(Stored data)
(* Let $h_1,\dots,h_r\in\mathbb{R}^n$, $b_1,\dots,b_r\in\mathbb{R}$, $V_1,\dots,V_s\in\mathbb{R}^{n\times n}$, $v_1,\dots,v_s\in\mathbb{R}$, and define the polyhedra $$S=\{x\in\mathbb{R}^n \mid h_i^Tx\le b_i,\ i=1,\dots,r\},\qquad U_0=\{A\in\mathbb{R}^{n\times n}\mid \mathrm{Tr}(V_j^TA)\le v_j,\ j=1,\dots,s\}.$$ Let $A_\star\in U_0$, let $x_1,\dots,x_m\in\mathbb{R}^n$, let $y_k=A_\star x_k$ for $k=1,\dots,m$, let $U_m=\{A\in U_0\mid Ax_k=y_k,\ k=1,\dots,m\}$ and let $c\in\mathbb{R}^n$. Consider the problem $$\text{(P)}\qquad \min_{x\in\mathbb{R}^n}\ c^Tx\quad \text{s.t. } x\in S,\quad Ax\in S\ \ \forall A\in U_m,$$ and the linear program, in the variables $x\in\mathbb{R}^n$, $\mu^{(i)}=(\mu^{(i)}_1,\dots,\mu^{(i)}_s)\in\mathbb{R}^s$ and $\eta_k^{(i)}\in\mathbb{R}^n$ ($i=1,\dots,r$, $k=1,\dots,m$), $$\text{(Q)}\qquad \begin{aligned}\min\quad & c^Tx\\ \text{s.t.}\quad & h_i^Tx\le b_i, && i=1,\dots,r,\\ & \textstyle\sum_{k=1}^m y_k^T\eta_k^{(i)}+\sum_{j=1}^s\mu_j^{(i)}v_j\le b_i, && i=1,\dots,r,\\ & \textstyle x h_i^T=\sum_{k=1}^m x_k\eta_k^{(i)T}+\sum_{j=1}^s \mu_j^{(i)}V_j^T, && i=1,\dots,r,\\ & \mu^{(i)}\ge 0, && i=1,\dots,r.\end{aligned}$$ Then the feasible set of (P) equals the projection onto $x$-space of the feasible set of (Q). In particular, the optimal values of (P) and (Q) are equal, and the optimal solutions of (P) are exactly the projections onto $x$-space of the optimal solutions of (Q).
   Context: Setting: an unknown linear dynamical system $x_{t+1}=A_\star x_t$ whose matrix $A_\star$ is known to lie in the polyhedral uncertainty set $U_0$; the measurements $(x_k,y_k)$ are the observed one-step transitions. Problem (P) asks for the cheapest point that stays in the safety region $S$ for one step under every matrix consistent with $U_0$ and the measurements. *)

From HB Require Import structures.
From mathcomp Require Import all_boot all_order all_algebra.
From mathcomp Require Import all_classical all_reals all_analysis.
Set Implicit Arguments. Unset Strict Implicit. Unset Printing Implicit Defensive.
Import Order.TTheory GRing.Theory Num.Theory.
Local Open Scope ring_scope.
Local Open Scope classical_set_scope.

Section Defs.
Variable R : realType.
Variables n r s m : nat.

Definition dotv (u w : 'cV[R]_n) : R := (u^T *m w) 0 0.

Definition safe_set (h : 'I_r -> 'cV[R]_n) (b : 'I_r -> R) : set 'cV[R]_n :=
  [set x | forall i, dotv (h i) x <= b i].

Definition U0_set (V : 'I_s -> 'M[R]_n) (v : 'I_s -> R) : set 'M[R]_n :=
  [set A | forall j, \tr ((V j)^T *m A) <= v j].

Definition Um_set (V : 'I_s -> 'M[R]_n) (v : 'I_s -> R)
  (xs ys : 'I_m -> 'cV[R]_n) : set 'M[R]_n :=
  [set A | U0_set V v A /\ forall k, A *m xs k = ys k].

# BRIEF
Exactly the lines from the one containing "Definition U0_set (V" through the end of the records above should be returned, with both ends kept.

# SOLUTION
Definition U0_set (V : 'I_s -> 'M[R]_n) (v : 'I_s -> R) : set 'M[R]_n :=
  [set A | forall j, \tr ((V j)^T *m A) <= v j].

Definition Um_set (V : 'I_s -> 'M[R]_n) (v : 'I_s -> R)
  (xs ys : 'I_m -> 'cV[R]_n) : set 'M[R]_n :=
  [set A | U0_set V v A /\ forall k, A *m xs k = ys k].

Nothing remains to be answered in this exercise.